An Israeli government appointed panel has recommended a “windfall tax” on natural resources including potash and other raw materials from the Dead Sea. The panel issued its interim report May 18. The 42 percent surtax on excess profits would be levied on net profits above an 11 percent return on investment. Israel Chemicals Ltd. would be the hardest hit by the recommendations.
The committee also called for a uniform 5 percent royalty level. This would replace royalties on natural resources that currently range from 2-10 percent. The committee was appointed last year by Finance Minister Yair Lapid to reassess the tax regime on natural resources excluding oil and gas. The proposals would cost ICL an estimated $120 million in additional taxes annually. ICL shares fell on May 18 by 2 percent following the issuing of the interim report and shares of Israel Corp., the holding company which owns a majority stake in ICL, were down by 3 percent.

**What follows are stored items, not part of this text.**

(* Let $n\ge1$ and $1\le k\le n$ be integers. Then $$|\mathrm{SVT}((1^k),n)|=\binom{n}{k}\,{}_2F_1\!\left(\begin{matrix}k,\;k-n\\ k+1\end{matrix};-1\right).$$
   Context: Let $[n]=\{1,\dots,n\}$. For a partition $\lambda$ with at most $n$ nonzero parts, identified with its Young diagram $\{(i,j): 1\le j\le\lambda_i\}$ (row index $i$ increasing downward, column index $j$ to the right), a set-valued tableau of shape $\lambda$ with entries in $[n]$ assigns to every box $(i,j)$ a nonempty subset $T_{i,j}\subseteq[n]$ such that $\max T_{i,j}\le\min T_{i,j+1}$ and $\max T_{i,j}<\min T_{i+1,j}$ whenever these boxes exist; $\mathrm{SVT}(\lambda,n)$ is the set of these tableaux, and $(1^k)$ is the one-column partition with $k$ boxes. $(a)_0=1$, $(a)_m=a(a+1)\cdots(a+m-1)$, and ${}_2F_1\!\left(\begin{smallmatrix}a,\,b\\ c\end{smallmatrix};z\right)=\sum_{m\ge0}\frac{(a)_m(b)_m}{(c)_m}\frac{z^m}{m!}$, a finite sum when $b$ is a nonpositive integer. *)

From mathcomp Require Import all_boot all_order all_algebra.
Set Implicit Arguments. Unset Strict Implicit. Unset Printing Implicit Defensive.
Import Order.TTheory GRing.Theory Num.Theory.

(* Boxes are 0-indexed: box (i,j) of the paper is (i-1, j-1) here.
   The entry alphabet [n] = {1..n} is represented by 'I_n (value v <-> v+1),
   an order-preserving relabelling. *)

Definition maxpart (la : seq nat) : nat := foldr maxn 0 la.

Definition in_diagram (la : seq nat) (i j : nat) : bool :=
  (i < size la) && (j < nth 0 la i).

The interim report recommended that the new tax regime come into effect in 2017, and not when the legislative process is concluded by the Knesset. The report said this could give ICL time to adjust to the proposed changes. A final committee report is due out in a few months and this will be followed by government approval and then passage of a law by the Knesset.
In response to the recommendations ICL said it was freezing all planned investments in Israel totaling over $1 billion until the issue of increasing taxes on the company is resolved. ICL also said that the impact of the interim recommendations if implemented would be disastrous and lead the company to reduce its operations in Israel and lay off workers.